| TASK INSTRUCTIONS |
Copy out the listing beneath, missing nothing.

| INPUT DATA |
== == ==

(* Let $A$ be a general metric space and $\mathrm{WFil}^*(A)$ the preorder of weakly flat filters on $A$ under the relation $\to$. Then: (a) every nonempty family of objects of $\mathrm{WFil}^*(A)$ has a least upper bound (colimit) in $\mathrm{WFil}^*(A)$; (b) the filters of forward Cauchy sequences are dense: every weakly flat filter $\mathcal F$ is a least upper bound in $\mathrm{WFil}^*(A)$ of the family of (filters of) forward Cauchy sequences $(x_n)$ with $(x_n)\to\mathcal F$; (c) the flat filters are exactly (up to isomorphism in $\mathrm{WFil}^*(A)$) the least upper bounds in $\mathrm{WFil}^*(A)$ of nonempty families $\mathcal S$ of (filters of) forward Cauchy sequences that are directed, i.e. for all $s,t\in\mathcal S$ there is $u\in\mathcal S$ with $s\to u$ and $t\to u$ (equivalently, colimits of functors with nonempty filtered domain taking values forward Cauchy sequences).
   Context: A general metric space $A$ is a set with $A(-,-):A\times A\to[0,\infty]$, $A(x,x)=0$, $A(x,z)\le A(x,y)+A(y,z)$ (no symmetry). A filter on $A$ is a nonempty set of nonempty subsets closed under finite intersections and supersets. $\mathcal F$ is weakly flat iff for every $\epsilon>0$ there is $f\in\mathcal F$ such that for all $x\in f$ and all $g\in\mathcal F$ there is $y\in g$ with $A(x,y)\le\epsilon$; $\mathcal F$ is flat iff for every $\epsilon>0$ there is $f\in\mathcal F$ such that for every finite family $x_1,\dots,x_n\in f$ and every $g\in\mathcal F$ there is $y\in g$ with $A(x_i,y)\le\epsilon$ for all $i$. For weakly flat filters, $\mathcal F_1\to\mathcal F_2$ iff for every $\epsilon>0$ there is $f\in\mathcal F_1$ such that for every $x\in f$ and every $g\in\mathcal F_2$ there is $y\in g$ with $A(x,y)\le\epsilon$; this is a preorder. The filter of a sequence $(x_n)$ is generated by the tails $\{x_p:p\ge n\}$; $(x_n)$ is forward Cauchy iff for every $\epsilon>0$ there is $N$ with $A(x_n,x_m)\le\epsilon$ whenever $m\ge n\ge N$ (such filters are flat). *)

(* distances take values in [0,+oo] = Coquelicot's Rbar. *)
From Stdlib Require Import Reals.
From Coquelicot Require Import Rbar.
Open Scope R_scope.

== == ==

| FINISHED EXERCISE |
(* Let $A$ be a general metric space and $\mathrm{WFil}^*(A)$ the preorder of weakly flat filters on $A$ under the relation $\to$. Then: (a) every nonempty family of objects of $\mathrm{WFil}^*(A)$ has a least upper bound (colimit) in $\mathrm{WFil}^*(A)$; (b) the filters of forward Cauchy sequences are dense: every weakly flat filter $\mathcal F$ is a least upper bound in $\mathrm{WFil}^*(A)$ of the family of (filters of) forward Cauchy sequences $(x_n)$ with $(x_n)\to\mathcal F$; (c) the flat filters are exactly (up to isomorphism in $\mathrm{WFil}^*(A)$) the least upper bounds in $\mathrm{WFil}^*(A)$ of nonempty families $\mathcal S$ of (filters of) forward Cauchy sequences that are directed, i.e. for all $s,t\in\mathcal S$ there is $u\in\mathcal S$ with $s\to u$ and $t\to u$ (equivalently, colimits of functors with nonempty filtered domain taking values forward Cauchy sequences).
   Context: A general metric space $A$ is a set with $A(-,-):A\times A\to[0,\infty]$, $A(x,x)=0$, $A(x,z)\le A(x,y)+A(y,z)$ (no symmetry). A filter on $A$ is a nonempty set of nonempty subsets closed under finite intersections and supersets. $\mathcal F$ is weakly flat iff for every $\epsilon>0$ there is $f\in\mathcal F$ such that for all $x\in f$ and all $g\in\mathcal F$ there is $y\in g$ with $A(x,y)\le\epsilon$; $\mathcal F$ is flat iff for every $\epsilon>0$ there is $f\in\mathcal F$ such that for every finite family $x_1,\dots,x_n\in f$ and every $g\in\mathcal F$ there is $y\in g$ with $A(x_i,y)\le\epsilon$ for all $i$. For weakly flat filters, $\mathcal F_1\to\mathcal F_2$ iff for every $\epsilon>0$ there is $f\in\mathcal F_1$ such that for every $x\in f$ and every $g\in\mathcal F_2$ there is $y\in g$ with $A(x,y)\le\epsilon$; this is a preorder. The filter of a sequence $(x_n)$ is generated by the tails $\{x_p:p\ge n\}$; $(x_n)$ is forward Cauchy iff for every $\epsilon>0$ there is $N$ with $A(x_n,x_m)\le\epsilon$ whenever $m\ge n\ge N$ (such filters are flat). *)

(* distances take values in [0,+oo] = Coquelicot's Rbar. *)
From Stdlib Require Import Reals.
From Coquelicot Require Import Rbar.
Open Scope R_scope.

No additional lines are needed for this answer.